28/05/2026
La chasse aux précaires passe à la vitesse supérieure. Ouais, on a encore épluché un article de Sylvain Anciaux dans Le Vif, et comme d’habitude, il met le doigt là où ça fait mal. Cet été, l’ONEM, l’inspection sociale et la police fédérale vont carrément patrouiller ensemble dans les aéroports belges. Leur cible prioritaire ? Les chômeurs et les malades de longue durée qui partiraient en vacances sans avoir parfaitement rempli toutes leurs petites formalités administratives.
Rappelons les règles légales : un chômeur a droit à quatre semaines de vacances par an (qu’il doit préalablement déclarer), et une personne en incapacité de travail doit au minimum prévenir sa mutuelle. Pour sanctionner le moindre écart à ces règles, le gouvernement Arizona, par la voix du ministre de la Lutte contre la fraude sociale Rob Beenders (Vooruit), déploie les grands moyens. L’objectif affiché : gratter 300 millions d’euros sur la législature.
Mais comme Sylvain l’explique très bien dans son enquête, l’efficacité et la moralité de ce plan sont lourdement remises en question. L’ASBL L’Atelier des droits sociaux dénonce un véritable acharnement institutionnel. Ces sanctions aveugles frappent bien souvent des personnes de bonne foi, perdues dans les méandres administratifs, qui se retrouvent exclues du chômage et précipitées vers les CPAS pour des économies de bouts de chandelle. De son côté, l’avocat spécialisé Cédric Naud pointe l’hypocrisie totale de la manœuvre : les véritables fraudeurs organisés se contenteront simplement de prendre l’avion depuis la France ou les Pays-Bas pour contourner les contrôles belges.

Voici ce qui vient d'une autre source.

Lemma count_occ_map_pair k k' L g :
  count_occ cut_dec (map (pair k) L) (k', g) = if Nat.eqb k k' then count_occ zz_dec L g else 0%nat.
Proof.
  induction L as [|a L IH]; cbn [map count_occ]; [destruct Nat.eqb; auto|].
  rewrite IH. destruct (Nat.eqb_spec k k') as [<-|Hk].
  - destruct (cut_dec (k, a) (k, g)) as [E|E], (zz_dec a g) as [E'|E'];
      congruence.
  - destruct (cut_dec (k, a) (k', g)) as [E|E]; congruence.
Qed.

Lemma count_grid_cuts f x l k g : count_occ cut_dec (grid_cuts f x l) (k, g) =
  if (k <? 3)%nat then count_occ zz_dec (dir_cuts f k x l) g else 0%nat.
Proof.
  unfold grid_cuts. cbn [flat_map]. rewrite app_nil_r, !count_occ_app, !count_occ_map_pair.
  destruct k as [|[|[|k]]]; simpl; lia.
Qed.

Lemma last_map (h : node -> node) l x : last (map h l) (h x) = h (last l x).
Proof.
  revert x; induction l as [|y l IH]; intros x; [reflexivity|].
  cbn [map]. rewrite !last_cons. apply IH.
Qed.

Lemma grid_cuts_app f x l1 m l2 c : gpath (fun z => f z = true) x l1 m ->
  count_occ cut_dec (grid_cuts f x (l1 ++ l2)) c =
  (count_occ cut_dec (grid_cuts f x l1) c + count_occ cut_dec (grid_cuts f m l2) c)%nat.
Proof.
  intros G. destruct c as [k g]. rewrite !count_grid_cuts.
  destruct (k <? 3)%nat; [|reflexivity].
  unfold dir_cuts. rewrite map_app, strip_cuts_app, last_map, (gpath_last _ _ _ _ G).
  apply count_occ_app.
Qed.

Definition crosses_strip (p q : node) : nat :=
  match strip_crossing p q with Some _ => 1%nat | None => 0%nat end.

Lemma crosses_two_strips p q : tri_adj p q ->
  (crosses_strip (rotn 0 p) (rotn 0 q) + crosses_strip (rotn 1 p) (rotn 1 q) +
   crosses_strip (rotn 2 p) (rotn 2 q) = 2)%nat.
Proof.
  destruct p, q; intros H; unfold crosses_strip, strip_crossing, rotn; simpl Nat.iter; unfold rot; cbn [fst snd].
  destruct_adj H; destruct_Zcmp; lia.
Qed.

Lemma grid_cuts_length f x l y : gpath (fun z => f z = true) x l y ->
  length (grid_cuts f x l) = (2 * length l)%nat.
Proof.
  intros G; induction G as [|x y l z _ Hxy _ IH]; [reflexivity|].
  assert (Hedge : forall f' p q, length (edge_cuts f' p q) = crosses_strip p q).
  { intros f' p q; unfold edge_cuts, crosses_strip. destruct strip_crossing as [[? ?]|]; auto. }
  unfold grid_cuts, dir_cuts in *; cbn [flat_map map strip_cuts] in *.
  rewrite !length_app, !length_map, !length_app, !Hedge in *.
  pose proof (crosses_two_strips x y Hxy). cbn [length] in *. lia.
Qed.

Lemma shortest_grid_cuts_le1 f x l y c : finite_set f ->
  shortest_path (fun z => f z = true) x l y -> (count_occ cut_dec (grid_cuts f x l) c <= 1)%nat.
Proof.
  intros Hfin Hs. destruct c as [k g]. rewrite count_grid_cuts.
  destruct (k <? 3)%nat; [|lia].
  apply shortest_strip_cuts_le1 with (y := rotn k y).
  - apply finite_set_transport with (h := rotn k); auto using rotn_invK.
  - apply shortest_path_transport; auto using rotnK, rotn_invK, rotn_adj, rotn_inv_adj.
Qed.

Lemma closed_walk_grid_cuts_even f x l c : finite_set f -> complement_connected f ->
  gpath (fun z => f z = true) x l x -> Nat.Even (count_occ cut_dec (grid_cuts f x l) c).
Proof.
  intros Hfin Hcc G. destruct c as [k g]. rewrite count_grid_cuts.
  destruct (k <? 3)%nat; [|exists 0%nat; reflexivity].
  apply closed_walk_strip_cuts_even.
  - apply finite_set_transport with (h := rotn k); auto using rotn_invK.
  - apply complement_connected_transport with (h := rotn k); auto using rotnK, rotn_invK, rotn_adj.
  - apply gpath_transport; auto using rotnK, rotn_adj.
Qed.

Definition node_dec : forall x y : node, {x = y} + {x <> y}.
Proof. decide equality; apply Z.eq_dec. Defined.

Definition memb (vs : list node) (z : node) : bool := if in_dec node_dec z vs then true else false.

Lemma memb_true vs z : memb vs z = true <-> In z vs.
Proof. unfold memb; destruct in_dec; split; auto; discriminate. Qed.

Lemma memb_false vs z : memb vs z = false <-> ~ In z vs.
Proof. unfold memb; destruct in_dec; split; auto; try discriminate; tauto. Qed.

Lemma gpath_memb vs x l y : gpath (fun z => In z vs) x l y -> gpath (fun z => memb vs z = true) x l y.
Proof. apply gpath_mono. intros z; apply memb_true. Qed.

Il faut être très lucide sur le message politique envoyé aujourd’hui. Mobiliser les forces de l’ordre dans les aéroports pour scruter les congés des personnes en incapacité de travail ou sans emploi relève d’une politique de la stigmatisation totalement assumée.
L’État choisit de dépenser une énergie f***e pour traquer les erreurs administratives des plus fragiles, pendant que la grande fraude fiscale, elle, continue de voyager en classe affaires sans jamais être inquiétée aux portiques de sécurité.